**What you have to do:** Give back exactly the stretch of data below from the line holding "(HC : forall g, is_cover (I2 g) (C g))" through the line holding "apply: (corner_sandwich _ _ HA) => g V IV.", both ends included, and leave the remaining lines out.

===== Exercise input

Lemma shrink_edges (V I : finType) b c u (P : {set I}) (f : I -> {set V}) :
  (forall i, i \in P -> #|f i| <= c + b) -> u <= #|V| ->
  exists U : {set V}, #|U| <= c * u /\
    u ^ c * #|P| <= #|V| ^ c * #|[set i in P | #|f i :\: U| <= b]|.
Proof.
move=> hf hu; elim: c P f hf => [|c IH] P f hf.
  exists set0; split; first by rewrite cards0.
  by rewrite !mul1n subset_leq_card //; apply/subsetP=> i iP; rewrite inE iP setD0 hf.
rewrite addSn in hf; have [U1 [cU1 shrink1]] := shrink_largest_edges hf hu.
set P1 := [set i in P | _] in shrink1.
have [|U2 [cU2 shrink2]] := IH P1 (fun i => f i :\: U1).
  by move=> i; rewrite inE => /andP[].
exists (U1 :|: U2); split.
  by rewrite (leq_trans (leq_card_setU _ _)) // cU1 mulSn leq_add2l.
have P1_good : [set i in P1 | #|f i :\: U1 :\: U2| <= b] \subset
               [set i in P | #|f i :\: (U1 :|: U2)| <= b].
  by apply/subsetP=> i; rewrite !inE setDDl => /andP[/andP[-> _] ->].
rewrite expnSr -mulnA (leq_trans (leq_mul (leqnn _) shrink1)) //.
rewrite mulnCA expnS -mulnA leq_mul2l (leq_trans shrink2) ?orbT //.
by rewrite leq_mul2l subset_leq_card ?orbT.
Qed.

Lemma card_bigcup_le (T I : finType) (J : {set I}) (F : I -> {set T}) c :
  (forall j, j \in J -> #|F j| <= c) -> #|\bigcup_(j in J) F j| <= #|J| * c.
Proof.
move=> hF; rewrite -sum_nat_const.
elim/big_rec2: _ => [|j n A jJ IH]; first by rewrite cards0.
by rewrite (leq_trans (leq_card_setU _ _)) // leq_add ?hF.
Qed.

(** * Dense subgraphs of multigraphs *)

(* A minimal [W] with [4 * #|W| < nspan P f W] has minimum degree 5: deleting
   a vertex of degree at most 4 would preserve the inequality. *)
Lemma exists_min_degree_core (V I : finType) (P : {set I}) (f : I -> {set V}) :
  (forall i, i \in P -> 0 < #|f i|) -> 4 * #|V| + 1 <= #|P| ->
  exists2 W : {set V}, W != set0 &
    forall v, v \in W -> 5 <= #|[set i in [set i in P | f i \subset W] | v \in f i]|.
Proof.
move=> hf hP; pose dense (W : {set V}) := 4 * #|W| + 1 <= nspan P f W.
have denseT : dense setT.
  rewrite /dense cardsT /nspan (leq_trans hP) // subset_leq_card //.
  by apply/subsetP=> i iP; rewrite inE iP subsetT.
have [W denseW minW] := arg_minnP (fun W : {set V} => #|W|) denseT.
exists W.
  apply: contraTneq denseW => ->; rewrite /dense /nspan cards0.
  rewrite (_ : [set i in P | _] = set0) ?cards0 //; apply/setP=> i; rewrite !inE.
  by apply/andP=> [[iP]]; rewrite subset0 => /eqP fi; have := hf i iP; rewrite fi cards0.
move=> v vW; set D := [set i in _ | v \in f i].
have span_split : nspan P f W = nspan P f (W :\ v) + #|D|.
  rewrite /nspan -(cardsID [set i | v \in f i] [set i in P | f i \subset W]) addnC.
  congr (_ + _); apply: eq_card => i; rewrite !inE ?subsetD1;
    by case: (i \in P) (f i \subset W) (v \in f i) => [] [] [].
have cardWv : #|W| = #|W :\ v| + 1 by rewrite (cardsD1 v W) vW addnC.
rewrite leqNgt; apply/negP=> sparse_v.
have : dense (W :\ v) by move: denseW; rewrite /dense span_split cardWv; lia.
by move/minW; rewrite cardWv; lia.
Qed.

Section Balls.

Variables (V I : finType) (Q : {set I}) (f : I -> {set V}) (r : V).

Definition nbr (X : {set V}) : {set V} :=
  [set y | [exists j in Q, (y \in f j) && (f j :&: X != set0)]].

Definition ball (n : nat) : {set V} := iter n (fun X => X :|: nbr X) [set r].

==========
===== Exercise input

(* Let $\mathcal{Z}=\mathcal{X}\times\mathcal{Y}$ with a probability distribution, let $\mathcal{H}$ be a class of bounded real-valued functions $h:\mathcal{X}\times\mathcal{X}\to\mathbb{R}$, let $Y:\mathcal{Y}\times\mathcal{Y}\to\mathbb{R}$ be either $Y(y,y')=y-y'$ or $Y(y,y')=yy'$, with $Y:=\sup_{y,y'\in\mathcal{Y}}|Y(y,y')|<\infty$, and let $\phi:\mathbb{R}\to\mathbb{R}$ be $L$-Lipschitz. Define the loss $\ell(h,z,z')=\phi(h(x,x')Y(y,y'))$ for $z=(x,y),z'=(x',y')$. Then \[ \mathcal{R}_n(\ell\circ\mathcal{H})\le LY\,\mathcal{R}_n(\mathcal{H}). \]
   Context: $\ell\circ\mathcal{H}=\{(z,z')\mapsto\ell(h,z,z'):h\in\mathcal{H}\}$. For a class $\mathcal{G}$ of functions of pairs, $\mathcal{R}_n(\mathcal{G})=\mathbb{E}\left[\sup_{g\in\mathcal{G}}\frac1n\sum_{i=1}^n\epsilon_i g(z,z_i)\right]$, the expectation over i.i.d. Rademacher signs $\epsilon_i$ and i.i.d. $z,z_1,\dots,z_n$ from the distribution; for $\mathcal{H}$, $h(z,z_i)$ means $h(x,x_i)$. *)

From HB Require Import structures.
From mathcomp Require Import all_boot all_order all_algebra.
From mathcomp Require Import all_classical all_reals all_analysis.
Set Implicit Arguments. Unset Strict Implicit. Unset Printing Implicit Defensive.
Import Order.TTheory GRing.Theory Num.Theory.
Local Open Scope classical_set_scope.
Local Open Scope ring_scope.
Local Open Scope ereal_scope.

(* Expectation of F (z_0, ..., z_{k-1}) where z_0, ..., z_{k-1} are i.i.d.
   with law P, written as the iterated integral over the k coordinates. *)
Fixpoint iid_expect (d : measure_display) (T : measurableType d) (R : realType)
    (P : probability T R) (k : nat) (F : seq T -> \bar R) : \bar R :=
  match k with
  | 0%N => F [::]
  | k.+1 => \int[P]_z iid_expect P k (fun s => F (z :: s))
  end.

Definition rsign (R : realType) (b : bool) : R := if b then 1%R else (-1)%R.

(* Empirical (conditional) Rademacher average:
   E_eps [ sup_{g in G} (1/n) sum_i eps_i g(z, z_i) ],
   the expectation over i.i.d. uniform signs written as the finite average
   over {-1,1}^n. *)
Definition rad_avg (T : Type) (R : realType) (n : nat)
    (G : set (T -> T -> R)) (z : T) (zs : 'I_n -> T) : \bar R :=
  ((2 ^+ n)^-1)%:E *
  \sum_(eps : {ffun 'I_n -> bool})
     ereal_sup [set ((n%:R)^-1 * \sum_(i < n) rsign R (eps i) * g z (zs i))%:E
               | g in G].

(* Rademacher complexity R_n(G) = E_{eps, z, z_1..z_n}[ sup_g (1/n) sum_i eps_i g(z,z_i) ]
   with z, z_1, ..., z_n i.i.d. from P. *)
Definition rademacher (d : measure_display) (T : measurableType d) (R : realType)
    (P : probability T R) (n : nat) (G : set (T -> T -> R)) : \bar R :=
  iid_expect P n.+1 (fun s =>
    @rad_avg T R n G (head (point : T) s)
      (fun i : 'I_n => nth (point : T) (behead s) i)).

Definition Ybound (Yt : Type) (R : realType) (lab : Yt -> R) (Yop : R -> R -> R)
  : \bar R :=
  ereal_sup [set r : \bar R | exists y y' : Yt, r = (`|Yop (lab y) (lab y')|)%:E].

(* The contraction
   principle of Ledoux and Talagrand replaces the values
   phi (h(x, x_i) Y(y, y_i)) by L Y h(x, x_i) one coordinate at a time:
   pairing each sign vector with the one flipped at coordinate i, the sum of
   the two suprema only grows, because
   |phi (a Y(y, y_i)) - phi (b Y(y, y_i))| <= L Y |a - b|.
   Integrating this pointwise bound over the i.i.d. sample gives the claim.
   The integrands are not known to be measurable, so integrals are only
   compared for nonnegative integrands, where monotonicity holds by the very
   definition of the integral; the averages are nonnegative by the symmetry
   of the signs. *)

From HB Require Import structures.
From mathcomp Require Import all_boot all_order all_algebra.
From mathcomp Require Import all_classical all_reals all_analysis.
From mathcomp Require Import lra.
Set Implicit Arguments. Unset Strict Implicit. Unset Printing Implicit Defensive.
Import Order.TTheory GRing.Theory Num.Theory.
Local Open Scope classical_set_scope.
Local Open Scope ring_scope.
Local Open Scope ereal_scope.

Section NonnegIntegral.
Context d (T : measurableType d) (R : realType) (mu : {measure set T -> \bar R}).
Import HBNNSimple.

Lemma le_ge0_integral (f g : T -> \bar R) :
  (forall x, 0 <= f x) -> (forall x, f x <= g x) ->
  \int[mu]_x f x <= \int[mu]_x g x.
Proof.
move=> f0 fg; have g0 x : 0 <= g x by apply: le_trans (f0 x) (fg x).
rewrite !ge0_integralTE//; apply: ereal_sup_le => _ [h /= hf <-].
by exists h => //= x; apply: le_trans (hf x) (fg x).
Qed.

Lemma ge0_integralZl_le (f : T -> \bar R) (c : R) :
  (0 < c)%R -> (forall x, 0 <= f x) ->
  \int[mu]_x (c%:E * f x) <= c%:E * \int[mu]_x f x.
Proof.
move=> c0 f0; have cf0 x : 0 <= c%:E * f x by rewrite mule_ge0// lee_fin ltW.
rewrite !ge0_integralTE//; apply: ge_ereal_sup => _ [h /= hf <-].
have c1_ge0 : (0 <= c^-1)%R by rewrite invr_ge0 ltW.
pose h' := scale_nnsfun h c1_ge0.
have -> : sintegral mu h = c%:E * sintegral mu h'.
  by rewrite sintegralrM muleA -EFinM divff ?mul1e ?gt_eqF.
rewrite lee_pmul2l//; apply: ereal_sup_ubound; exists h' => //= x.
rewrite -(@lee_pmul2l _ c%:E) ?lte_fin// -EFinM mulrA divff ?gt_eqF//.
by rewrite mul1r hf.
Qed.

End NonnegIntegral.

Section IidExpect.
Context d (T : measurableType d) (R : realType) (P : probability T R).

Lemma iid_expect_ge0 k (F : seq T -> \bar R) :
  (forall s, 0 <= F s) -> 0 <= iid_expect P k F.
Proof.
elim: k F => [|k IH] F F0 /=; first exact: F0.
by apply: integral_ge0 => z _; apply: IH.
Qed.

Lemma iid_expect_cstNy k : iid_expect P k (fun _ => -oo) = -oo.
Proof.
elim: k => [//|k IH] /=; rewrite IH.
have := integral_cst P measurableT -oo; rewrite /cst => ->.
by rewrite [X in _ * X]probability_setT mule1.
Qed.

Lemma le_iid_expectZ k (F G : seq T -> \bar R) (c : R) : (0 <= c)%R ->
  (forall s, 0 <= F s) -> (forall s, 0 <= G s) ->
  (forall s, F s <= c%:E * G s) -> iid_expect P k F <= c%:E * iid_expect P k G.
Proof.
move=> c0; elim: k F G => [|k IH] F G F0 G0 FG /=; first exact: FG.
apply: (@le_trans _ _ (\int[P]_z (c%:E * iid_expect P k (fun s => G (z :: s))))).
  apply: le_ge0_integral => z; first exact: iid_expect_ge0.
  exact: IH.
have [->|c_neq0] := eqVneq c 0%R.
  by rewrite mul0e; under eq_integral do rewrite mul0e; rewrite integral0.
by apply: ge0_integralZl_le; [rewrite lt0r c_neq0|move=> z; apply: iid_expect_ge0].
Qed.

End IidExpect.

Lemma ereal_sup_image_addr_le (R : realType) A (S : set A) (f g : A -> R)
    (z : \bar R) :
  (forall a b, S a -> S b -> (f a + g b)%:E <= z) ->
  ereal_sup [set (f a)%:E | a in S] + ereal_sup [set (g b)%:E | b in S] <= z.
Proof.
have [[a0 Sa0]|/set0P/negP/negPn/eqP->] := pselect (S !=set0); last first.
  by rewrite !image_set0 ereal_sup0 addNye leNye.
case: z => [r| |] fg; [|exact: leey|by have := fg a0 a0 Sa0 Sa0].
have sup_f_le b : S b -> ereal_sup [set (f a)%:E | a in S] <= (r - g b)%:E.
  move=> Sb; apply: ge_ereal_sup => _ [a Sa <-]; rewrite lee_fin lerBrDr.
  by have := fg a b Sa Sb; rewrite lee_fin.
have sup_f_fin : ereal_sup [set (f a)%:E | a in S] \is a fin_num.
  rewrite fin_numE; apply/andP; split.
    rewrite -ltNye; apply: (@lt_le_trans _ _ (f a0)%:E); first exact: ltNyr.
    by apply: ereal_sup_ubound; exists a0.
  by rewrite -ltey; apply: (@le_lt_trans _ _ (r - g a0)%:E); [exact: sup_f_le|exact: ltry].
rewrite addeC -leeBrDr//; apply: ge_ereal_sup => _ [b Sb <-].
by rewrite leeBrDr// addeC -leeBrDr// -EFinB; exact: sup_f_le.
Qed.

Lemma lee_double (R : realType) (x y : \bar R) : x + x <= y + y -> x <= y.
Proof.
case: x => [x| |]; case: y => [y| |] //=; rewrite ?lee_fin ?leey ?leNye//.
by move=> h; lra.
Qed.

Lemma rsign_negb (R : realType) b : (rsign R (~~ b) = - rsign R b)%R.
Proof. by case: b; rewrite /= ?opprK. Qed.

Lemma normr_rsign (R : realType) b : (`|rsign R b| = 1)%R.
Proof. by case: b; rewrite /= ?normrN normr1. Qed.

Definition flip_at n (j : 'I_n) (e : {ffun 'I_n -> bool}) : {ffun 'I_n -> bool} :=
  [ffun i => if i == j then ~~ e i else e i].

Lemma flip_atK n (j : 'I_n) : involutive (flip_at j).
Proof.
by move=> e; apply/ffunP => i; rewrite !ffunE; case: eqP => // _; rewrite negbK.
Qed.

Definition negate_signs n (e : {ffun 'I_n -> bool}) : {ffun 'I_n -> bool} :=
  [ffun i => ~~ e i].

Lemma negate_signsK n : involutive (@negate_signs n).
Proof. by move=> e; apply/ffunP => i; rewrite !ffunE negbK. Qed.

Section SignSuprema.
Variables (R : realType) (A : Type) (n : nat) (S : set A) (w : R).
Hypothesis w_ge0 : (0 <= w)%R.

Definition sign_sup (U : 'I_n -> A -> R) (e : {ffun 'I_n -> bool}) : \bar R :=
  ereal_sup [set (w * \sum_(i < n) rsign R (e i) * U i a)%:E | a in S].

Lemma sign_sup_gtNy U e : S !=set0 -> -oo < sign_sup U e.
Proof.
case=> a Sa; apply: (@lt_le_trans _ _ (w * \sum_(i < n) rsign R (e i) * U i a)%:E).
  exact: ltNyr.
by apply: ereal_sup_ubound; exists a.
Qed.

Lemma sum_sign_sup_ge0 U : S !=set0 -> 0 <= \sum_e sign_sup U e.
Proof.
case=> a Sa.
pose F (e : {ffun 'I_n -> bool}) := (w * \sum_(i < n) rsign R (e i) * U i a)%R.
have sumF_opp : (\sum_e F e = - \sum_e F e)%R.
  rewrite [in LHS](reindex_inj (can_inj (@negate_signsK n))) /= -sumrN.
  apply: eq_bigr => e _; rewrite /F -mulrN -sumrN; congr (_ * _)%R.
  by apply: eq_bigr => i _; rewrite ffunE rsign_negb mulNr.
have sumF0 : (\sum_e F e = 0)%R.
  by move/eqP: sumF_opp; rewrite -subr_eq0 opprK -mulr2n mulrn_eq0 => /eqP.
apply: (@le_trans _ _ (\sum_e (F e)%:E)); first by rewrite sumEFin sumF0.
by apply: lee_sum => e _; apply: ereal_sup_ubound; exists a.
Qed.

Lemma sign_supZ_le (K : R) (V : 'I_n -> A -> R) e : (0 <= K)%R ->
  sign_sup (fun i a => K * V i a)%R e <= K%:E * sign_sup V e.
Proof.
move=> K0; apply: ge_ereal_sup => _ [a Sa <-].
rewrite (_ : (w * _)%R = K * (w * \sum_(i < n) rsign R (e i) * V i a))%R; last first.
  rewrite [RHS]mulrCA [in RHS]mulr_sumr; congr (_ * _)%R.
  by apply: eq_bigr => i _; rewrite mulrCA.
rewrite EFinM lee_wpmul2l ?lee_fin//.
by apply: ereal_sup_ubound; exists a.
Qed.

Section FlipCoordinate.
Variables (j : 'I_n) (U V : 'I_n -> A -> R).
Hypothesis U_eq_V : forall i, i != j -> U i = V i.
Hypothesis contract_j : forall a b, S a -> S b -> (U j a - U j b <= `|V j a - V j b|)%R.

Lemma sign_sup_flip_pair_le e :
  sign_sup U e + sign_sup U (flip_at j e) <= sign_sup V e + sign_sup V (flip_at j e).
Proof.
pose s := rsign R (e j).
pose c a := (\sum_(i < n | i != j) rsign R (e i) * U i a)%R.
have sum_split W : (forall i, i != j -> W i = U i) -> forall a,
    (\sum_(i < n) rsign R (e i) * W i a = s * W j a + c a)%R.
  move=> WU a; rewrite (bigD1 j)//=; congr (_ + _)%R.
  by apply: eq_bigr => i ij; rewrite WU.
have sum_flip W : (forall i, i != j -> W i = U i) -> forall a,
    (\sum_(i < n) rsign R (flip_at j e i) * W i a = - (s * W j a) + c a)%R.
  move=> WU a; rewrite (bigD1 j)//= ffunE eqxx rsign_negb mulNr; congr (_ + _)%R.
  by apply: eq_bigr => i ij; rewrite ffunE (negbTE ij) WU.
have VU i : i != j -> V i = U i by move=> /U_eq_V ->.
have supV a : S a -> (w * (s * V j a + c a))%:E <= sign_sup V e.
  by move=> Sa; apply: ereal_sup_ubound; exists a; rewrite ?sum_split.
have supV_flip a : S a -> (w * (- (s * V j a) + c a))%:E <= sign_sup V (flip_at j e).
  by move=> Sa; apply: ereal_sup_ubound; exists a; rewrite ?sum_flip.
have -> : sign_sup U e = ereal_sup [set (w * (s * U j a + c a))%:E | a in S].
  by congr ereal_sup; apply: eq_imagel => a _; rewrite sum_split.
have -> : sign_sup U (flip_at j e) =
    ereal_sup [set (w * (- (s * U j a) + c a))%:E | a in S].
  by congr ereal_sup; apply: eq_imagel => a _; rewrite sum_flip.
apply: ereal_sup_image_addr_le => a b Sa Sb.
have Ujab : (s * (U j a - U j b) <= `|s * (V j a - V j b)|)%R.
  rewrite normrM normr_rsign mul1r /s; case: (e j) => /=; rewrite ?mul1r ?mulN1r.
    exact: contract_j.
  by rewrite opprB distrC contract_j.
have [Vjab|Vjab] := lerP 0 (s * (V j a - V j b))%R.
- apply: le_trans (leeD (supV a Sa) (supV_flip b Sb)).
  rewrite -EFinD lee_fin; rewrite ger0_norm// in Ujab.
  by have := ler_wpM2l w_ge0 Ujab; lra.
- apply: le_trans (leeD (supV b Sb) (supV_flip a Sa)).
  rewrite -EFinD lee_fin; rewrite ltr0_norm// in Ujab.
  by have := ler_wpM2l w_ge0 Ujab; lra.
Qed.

==========
===== Exercise input

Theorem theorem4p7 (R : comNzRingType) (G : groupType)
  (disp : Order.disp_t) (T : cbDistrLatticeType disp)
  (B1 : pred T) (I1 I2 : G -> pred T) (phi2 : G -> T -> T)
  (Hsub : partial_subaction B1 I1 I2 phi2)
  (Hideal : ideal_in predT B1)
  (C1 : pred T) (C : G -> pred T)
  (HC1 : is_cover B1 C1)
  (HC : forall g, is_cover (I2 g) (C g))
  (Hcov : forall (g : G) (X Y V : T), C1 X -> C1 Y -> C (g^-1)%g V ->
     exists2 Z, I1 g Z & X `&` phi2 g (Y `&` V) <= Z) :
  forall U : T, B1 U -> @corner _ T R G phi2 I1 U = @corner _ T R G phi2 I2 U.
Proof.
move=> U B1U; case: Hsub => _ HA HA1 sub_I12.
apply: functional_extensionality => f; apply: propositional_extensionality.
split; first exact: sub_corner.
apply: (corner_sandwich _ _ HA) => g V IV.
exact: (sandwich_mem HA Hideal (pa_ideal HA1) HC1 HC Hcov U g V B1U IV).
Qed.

==========

**Response to this exercise:**
  (HC : forall g, is_cover (I2 g) (C g))
  (Hcov : forall (g : G) (X Y V : T), C1 X -> C1 Y -> C (g^-1)%g V ->
     exists2 Z, I1 g Z & X `&` phi2 g (Y `&` V) <= Z) :
  forall U : T, B1 U -> @corner _ T R G phi2 I1 U = @corner _ T R G phi2 I2 U.
Proof.
move=> U B1U; case: Hsub => _ HA HA1 sub_I12.
apply: functional_extensionality => f; apply: propositional_extensionality.
split; first exact: sub_corner.
apply: (corner_sandwich _ _ HA) => g V IV.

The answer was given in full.